» **DATA TO PROCESS**:
· · · ·

(* The state and input are read off the internal state through Psi:
   x = Psi^x(what) - v and u = Psi^u(what) + d; combined with what_bound this
   bounds the whole incremental response of the closed loop. *)
Lemma closed_loop_bound w d v w' d' v' (ew ed ev s s' : R) :
  (nrm n (ssub w w') <= ew%:E)%E -> (nrm m (ssub d d') <= ed%:E)%E ->
  (nrm n (ssub v v') <= ev%:E)%E ->
  (nrm n v + nrm m d <= s%:E)%E -> (nrm n v' + nrm m d' <= s'%:E)%E ->
  let K := what_bound_const ew ev s s' in
  (nrm n (ssub (xcl w d v) (xcl w' d' v')) + nrm m (ssub (ucl w d v) (ucl w' d' v'))
     + nrm n (ssub (wcl w d v) (wcl w' d' v'))
    <= (gP * K + bP + ev + (gP * K + bP + ed) + K)%:E)%E.
Proof.
move=> le_ew le_ed le_ev le_s le_s' /=.
set K := what_bound_const ew ev s s'.
have le_W : (nrm n (ssub (wcl w d v) (wcl w' d' v')) <= K%:E)%E by exact: what_bound.
have le_out k (e : sq R k) c : (nrm k e <= c%:E)%E ->
    (gP%:E * nrm n (ssub (wcl w d v) (wcl w' d' v')) + bP%:E + nrm k e
      <= (gP * K + bP + c)%:E)%E.
  move=> le_e; rewrite !EFinD EFinM; apply: leeD => //; apply: leeD2r.
  by apply: lee_wpmul2l; rewrite ?lee_fin.
have le_x : (nrm n (ssub (xcl w d v) (xcl w' d' v'))
    <= gP%:E * nrm n (ssub (wcl w d v) (wcl w' d' v')) + bP%:E + nrm n (ssub v v'))%E.
  apply: (ifg_output_bound (normN n) (normN n) p_ge1 gP_ge0 Psix_causal Psix_ifg) => t.
  rewrite !(loop_w_eq Psix_sc) -(norm_opp (normN n) (v t - v' t)).
  have -> : (xcl w d v t - xcl w' d' v' t
      = xcl w d v t + v t - (xcl w' d' v' t + v' t) + - (v t - v' t))%R.
    by apply/rowP => i; rewrite !mxE; lra.
  exact: (norm_triangle (normN n)).
have le_u : (nrm m (ssub (ucl w d v) (ucl w' d' v'))
    <= gP%:E * nrm n (ssub (wcl w d v) (wcl w' d' v')) + bP%:E + nrm m (ssub d d'))%E.
  apply: (ifg_output_bound (normN n) (normN m) p_ge1 gP_ge0 Psiu_causal Psiu_ifg) => t.
  rewrite !(loop_u_eq Psiu_causal) opprD addrACA.
  exact: (norm_triangle (normN m)).
apply: le_trans (leeD (leeD (le_trans le_x (le_out _ _ _ le_ev))
  (le_trans le_u (le_out _ _ _ le_ed))) le_W) _.
by rewrite -!EFinD.
Qed.
End Stability.

(* The affine bound of closed_loop_bound, for perturbations around delta* with
   ||v*|| = cv and ||d*|| = cd, rearranged into gain * ||delta - delta*|| + bias. *)
Lemma closed_loop_gain_le (R : realType) (gP bP gF bF ga be ew ed ev cv cd : R) :
  0 <= gP -> 0 <= gF -> ga < 1 -> 0 <= ew -> 0 <= ed -> 0 <= ev ->
  let K := what_bound_const gF bF ga be ew ev (ev + cv + (ed + cd)) (cv + cd) in
  (gP * K + bP + ev + (gP * K + bP + ed) + K
    <= ((2 * gP + 1) * (1 + gF) / (1 - ga) + 1) * (ew + ed + ev)
       + ((2 * gP + 1) * (be + 2 * bF + 2 * gF * (cv + cd)) / (1 - ga) + 2 * bP))%R.
Proof.
move=> gP0 gF0 ga1 ew0 ed0 ev0 /=.
set q := (1 - ga)^-1.
have q0 : 0 <= q by rewrite invr_ge0 subr_ge0 ltW.
have q_gain : 0 <= (2 * gP + 1) * q by rewrite mulr_ge0 // addr_ge0 // mulr_ge0.
have slack : 0 <= ed + gF * ew by rewrite addr_ge0 // mulr_ge0.
have := mulr_ge0 q_gain slack.
rewrite /what_bound_const -/q !mulrA; nra.
Qed.
(* Let $t>0$ and $\gamma\ge 9$, and let $$r_2(\gamma)=\frac{\gamma-1-\sqrt{(\gamma-1)(\gamma-9)}}{4}.$$ Consider the infinite linear program: minimize $\phi$ over real $\phi$ and sequences $(x_i)_{i\ge1}$ with $x_i\ge0$ for all $i$, subject to $$\sum_{i=1}^{n}2x_i+(1-\gamma)x_{n-1}+nt\le\phi\qquad\text{for all } n\ge1,$$ with the convention $x_0=0$ (so the constraints read $2x_1+t\le\phi$, $(3-\gamma)x_1+2x_2+2t\le\phi$, $2x_1+(3-\gamma)x_2+2x_3+3t\le\phi$, etc.). Then the optimal value is $\phi(\gamma)=r_2(\gamma)\,t$, and it is attained by the strategy $$x_i=\tfrac12\big(r_2(\gamma)^i-1\big)t,\qquad i\ge1.$$ Equivalently, in the search-with-turn-cost model described in the context, this strategy has worst-case total cost $\gamma D+r_2(\gamma)t$, and no strategy guarantees worst-case total cost $\gamma D+\phi$ with $\phi<r_2(\gamma)t$.
   Context: Model of searching on a line with turn cost and no lower bound on the target distance: the searcher alternates sides, at step $i$ walking distance $x_i\ge0$ from the origin on one side and back (the side alternating with $i$); the cost is the total distance walked plus $t$ for each excursion (turn). The target is at unknown distance $D>0$. A strategy guarantees total cost $\gamma D+\phi$ if for every target position the cost of finding it is at most $\gamma D+\phi$; the $n$-th linear constraint above expresses this for a target just beyond $x_{n-1}$ on the side visited at steps $n-1$ and $n+1$. *)

From Stdlib Require Import Reals Lra Lia.
Open Scope R_scope.

Definition r2 (gamma : R) : R :=
  (gamma - 1 - sqrt ((gamma - 1) * (gamma - 9))) / 4.

(* A sequence x_1, x_2, ... is a function x : nat -> R whose value at 0 is
   ignored; x_0 is taken to be 0 by convention. *)
Definition xat (x : nat -> R) (k : nat) : R :=
  match k with O => 0 | _ => x k end.

Definition lp_constraint (t gamma phi : R) (x : nat -> R) (n : nat) : Prop :=
  sum_f_R0 (fun j => 2 * x (S j)) (n - 1) + (1 - gamma) * xat x (n - 1)
    + INR n * t <= phi.

Definition lp_feasible (t gamma phi : R) (x : nat -> R) : Prop :=
  (forall i : nat, (1 <= i)%nat -> 0 <= x i) /\
  (forall n : nat, (1 <= n)%nat -> lp_constraint t gamma phi x n).

(** Write [T] for the partial sums of [x] and [p = r2 gamma], [q] for the
    roots of [2 z^2 - (gamma - 1) z + (gamma - 1)], so [p + q = p q =
    (gamma - 1) / 2].  The constraints say
    [T (m+1) - (p + q) T m + p q T (m-1) <= (phi - (m+1) t) / 2], and the
    strategy built from [p^i] attains equality with [phi = p t].  If
    [phi < p t], the difference [s] between [T] and the strategy's partial sums
    satisfies the homogeneous inequality with a constant negative defect;
    factoring the operator as [(E - q)(E - p)] gives
    [s m <= - c (p - 1) m p^m + O(p^m)], which beats the strategy's [O(p^m)]
    partial sums, so [T m] eventually becomes negative although [x >= 0]. *)

From Stdlib Require Import Reals Lra.
Open Scope R_scope.

Fixpoint partial_sum (x : nat -> R) (m : nat) : R :=
  match m with O => 0 | S m' => partial_sum x m' + x (S m') end.

Lemma sum_f_R0_double_partial_sum (x : nat -> R) (n : nat) :
  sum_f_R0 (fun j => 2 * x (S j)) n = 2 * partial_sum x (S n).
Proof.
  induction n as [|n IH]; simpl in *.
  - ring.
  - rewrite IH; ring.
Qed.

Lemma xat_partial_sum (x : nat -> R) (m : nat) :
  xat x m = partial_sum x m - partial_sum x (pred m).
Proof. destruct m; simpl; ring. Qed.

Lemma lp_constraint_S (t gamma phi : R) (x : nat -> R) (m : nat) :
  lp_constraint t gamma phi x (S m) <->
  2 * partial_sum x (S m) + (1 - gamma) * xat x m + INR (S m) * t <= phi.
Proof.
  unfold lp_constraint; simpl (S m - 1)%nat; rewrite Nat.sub_0_r.
  now rewrite sum_f_R0_double_partial_sum.
Qed.

Definition r2_conj (gamma : R) : R :=
  (gamma - 1 + sqrt ((gamma - 1) * (gamma - 9))) / 4.

Section Roots.
Variable gamma : R.
Hypothesis hgamma : 9 <= gamma.

Let s := sqrt ((gamma - 1) * (gamma - 9)).

Let s_ge0 : 0 <= s.
Proof. apply sqrt_pos. Qed.

Let s_sqr : s * s = (gamma - 1) * (gamma - 9).
Proof. apply sqrt_sqrt; nra. Qed.

Lemma r2_add_conj : 2 * (r2 gamma + r2_conj gamma) = gamma - 1.
Proof. unfold r2, r2_conj; fold s; lra. Qed.

Lemma r2_mul_conj : r2 gamma * r2_conj gamma = r2 gamma + r2_conj gamma.
Proof. unfold r2, r2_conj; fold s; nra. Qed.

Lemma r2_le_conj : r2 gamma <= r2_conj gamma.
Proof. unfold r2, r2_conj; fold s; lra. Qed.

Lemma one_lt_r2 : 1 < r2 gamma.
Proof. unfold r2; fold s; nra. Qed.

End Roots.

Lemma first_order_recurrence_le (q c : R) (w : nat -> R) :
  1 <= q -> w O = 0 -> (forall m, w (S m) <= q * w m - c) ->
  forall m, (q - 1) * w m <= - c * (q ^ m - 1).
Proof.
  intros hq w0 hw m; induction m as [|m IH]; simpl.
  - rewrite w0; lra.
  - assert (step : (q - 1) * w (S m) <= (q - 1) * (q * w m - c))
      by (apply Rmult_le_compat_l; [lra | apply hw]).
    nra.
Qed.

Lemma second_order_recurrence_le (p q c : R) (s : nat -> R) :
  1 < p -> p <= q -> p * q = p + q -> 0 <= c -> s O = 0 ->
  (forall m, s (S m) - (p + q) * s m + p * q * s (pred m) <= - c) ->
  forall m, s m <= c * (p ^ m - 1) - c * (p - 1) * INR m * p ^ m.
Proof.
  intros hp hpq hconj hc s0 hs.
  set (w := fun m => s m - p * s (pred m)).
  assert (hw : forall m, (q - 1) * w m <= - c * (q ^ m - 1)).
  { apply first_order_recurrence_le; [lra | unfold w; simpl; rewrite s0; ring |].
    intro m; specialize (hs m); unfold w; simpl pred; lra. }
  assert (w_le : forall m, w m <= - c * (p - 1) * (p ^ m - 1)).
  { intro m.
    assert (hpow : p ^ m <= q ^ m) by (apply pow_incr; lra).
    assert (hpw : (p - 1) * ((q - 1) * w m) <= (p - 1) * (- c * (q ^ m - 1)))
      by (apply Rmult_le_compat_l; [lra | apply hw]).
    assert (hunit : (p - 1) * (q - 1) = 1) by lra.
    assert (hgap : 0 <= c * (p - 1) * (q ^ m - p ^ m))
      by (apply Rmult_le_pos; [apply Rmult_le_pos |]; lra).
    rewrite <- Rmult_assoc, hunit in hpw; lra. }
  induction m as [|m IH].
  - rewrite s0; simpl; lra.
  - specialize (w_le (S m)); unfold w in w_le; simpl pred in w_le.
    rewrite S_INR; simpl pow.
    assert (p * s m <= p * (c * (p ^ m - 1) - c * (p - 1) * INR m * p ^ m))
      by (apply Rmult_le_compat_l; lra).
    simpl pow in w_le; nra.
Qed.

Definition strategy (p t : R) (i : nat) : R := (p ^ i - 1) * t / 2.

Lemma partial_sum_strategy (p t : R) (m : nat) :
  (p - 1) * (2 * partial_sum (strategy p t) m) = t * (p ^ S m - p - INR m * (p - 1)).
Proof.
  induction m as [|m IH]; simpl partial_sum.
  - simpl; ring.
  - rewrite S_INR; unfold strategy at 2.
    transitivity ((p - 1) * (2 * partial_sum (strategy p t) m) + (p - 1) * (p ^ S m - 1) * t);
      [field | rewrite IH; simpl; ring].
Qed.

Lemma strategy_constraint_eq (p q t : R) (m : nat) :
  p <> 1 -> p * q = p + q ->
  2 * partial_sum (strategy p t) (S m) - 2 * (p + q) * xat (strategy p t) m
    + INR (S m) * t = p * t.
Proof.
  intros hp1 hconj.
  assert (hxat : xat (strategy p t) m = (p ^ m - 1) * t / 2)
    by (destruct m; unfold strategy; simpl; [field | reflexivity]).
  assert (hp1' : p - 1 <> 0) by lra.
  apply Rmult_eq_reg_l with (p - 1); [| exact hp1'].
  assert (hroot : (p + q) * (p - 1) = p * p) by nra.
  transitivity ((p - 1) * (2 * partial_sum (strategy p t) (S m))
                - (p + q) * (p - 1) * ((p ^ m - 1) * t) + (p - 1) * (INR (S m) * t));
    [rewrite hxat; field |].
  rewrite partial_sum_strategy, hroot, S_INR; simpl; ring.
Qed.

Lemma partial_sum_strategy_le (p t : R) (m : nat) :
  1 < p -> 0 < t -> (p - 1) * (2 * partial_sum (strategy p t) m) <= t * p ^ S m.
Proof.
  intros hp ht; rewrite partial_sum_strategy.
  assert (0 <= INR m) by apply pos_INR.
  assert (0 <= t * (p + INR m * (p - 1))) by (apply Rmult_le_pos; nra).
  lra.
Qed.

Lemma partial_sum_nonneg (x : nat -> R) :
  (forall i, (1 <= i)%nat -> 0 <= x i) -> forall m, 0 <= partial_sum x m.
Proof.
  intros hx m; induction m as [|m IH]; simpl; [lra |].
  assert (0 <= x (S m)) by (apply hx; apply le_n_S, Nat.le_0_l); lra.
Qed.

Lemma r2_lower_bound (t gamma phi : R) (x : nat -> R) :
  0 < t -> 9 <= gamma -> lp_feasible t gamma phi x -> r2 gamma * t <= phi.
Proof.
  intros ht hgamma [hx hc].
  assert (hp := one_lt_r2 gamma hgamma).
  assert (hpq := r2_le_conj gamma).
  assert (hconj := r2_mul_conj gamma hgamma).
  assert (hsum := r2_add_conj gamma).
  set (p := r2 gamma) in *; set (q := r2_conj gamma) in *.
  destruct (Rle_or_lt (p * t) phi) as [hle | hlt]; [exact hle | exfalso].
  set (c := (p * t - phi) / 2).
  assert (hc0 : 0 < c) by (unfold c; lra).
  set (s := fun m => partial_sum x m - partial_sum (strategy p t) m).
  assert (hs : forall m, s m <= c * (p ^ m - 1) - c * (p - 1) * INR m * p ^ m).
  { apply (second_order_recurrence_le p q); [lra | lra | exact hconj | lra | unfold s; simpl; ring |].
    intro m.
    assert (hxm := proj1 (lp_constraint_S t gamma phi x m)
                     (hc (S m) (le_n_S _ _ (Nat.le_0_l m)))).
    assert (heq := strategy_constraint_eq p q t m ltac:(lra) hconj).
    rewrite xat_partial_sum in hxm.
    replace (1 - gamma) with (- (2 * (p + q))) in hxm by lra.
    rewrite xat_partial_sum in heq.
    unfold s, c; rewrite hconj; lra. }
  (* the defect [- c (p-1) m p^m] eventually dominates the strategy's [O(p^m)] *)
  destruct (INR_archimed (2 * (p - 1) * (p - 1) * c) (t * p + 2 * (p - 1) * c))
    as [m hm]; [unfold Rgt; repeat apply Rmult_lt_0_compat; lra |].
  specialize (hs m).
  assert (hA := partial_sum_strategy_le p t m hp ht).
  assert (hT := partial_sum_nonneg x hx m).
  assert (hpm : 0 < p ^ m) by (apply pow_lt; lra).
  assert (hdom : p ^ m * (t * p + 2 * (p - 1) * c)
                 < p ^ m * (INR m * (2 * (p - 1) * (p - 1) * c)))
    by (apply Rmult_lt_compat_l; lra).
  unfold s in hs; simpl pow in hA.
  nra.
Qed.

Lemma strategy_feasible (t gamma : R) :
  0 < t -> 9 <= gamma -> lp_feasible t gamma (r2 gamma * t) (strategy (r2 gamma) t).
Proof.
  intros ht hgamma.
  assert (hp := one_lt_r2 gamma hgamma).
  assert (hconj := r2_mul_conj gamma hgamma).
  assert (hsum := r2_add_conj gamma).
  split.
  - intros i _; unfold strategy.
    assert (1 <= r2 gamma ^ i) by (apply pow_R1_Rle; lra).
    nra.
  - intros [|m] hn; [inversion hn |].
    apply lp_constraint_S.
    rewrite <- (strategy_constraint_eq (r2 gamma) (r2_conj gamma) t m); [| lra | exact hconj].
    replace (1 - gamma) with (- (2 * (r2 gamma + r2_conj gamma))) by lra.
    lra.
Qed.

Theorem theorem3 (t gamma : R) (ht : 0 < t) (hgamma : 9 <= gamma) :
  lp_feasible t gamma (r2 gamma * t)
    (fun i => (r2 gamma ^ i - 1) * t / 2) /\
  (forall (phi : R) (x : nat -> R),
     lp_feasible t gamma phi x -> r2 gamma * t <= phi).
Proof.
  split.
  - exact (strategy_feasible t gamma ht hgamma).
  - intros phi x hx; exact (r2_lower_bound t gamma phi x ht hgamma hx).
Qed.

· · · ·

Among the entries above, copy exactly only the lines starting with the one containing "< p ^ m * (INR" and going through the one containing "apply lp_constraint_S.", both ends included.

                 < p ^ m * (INR m * (2 * (p - 1) * (p - 1) * c)))
    by (apply Rmult_lt_compat_l; lra).
  unfold s in hs; simpl pow in hA.
  nra.
Qed.

Lemma strategy_feasible (t gamma : R) :
  0 < t -> 9 <= gamma -> lp_feasible t gamma (r2 gamma * t) (strategy (r2 gamma) t).
Proof.
  intros ht hgamma.
  assert (hp := one_lt_r2 gamma hgamma).
  assert (hconj := r2_mul_conj gamma hgamma).
  assert (hsum := r2_add_conj gamma).
  split.
  - intros i _; unfold strategy.
    assert (1 <= r2 gamma ^ i) by (apply pow_R1_Rle; lra).
    nra.
  - intros [|m] hn; [inversion hn |].
    apply lp_constraint_S.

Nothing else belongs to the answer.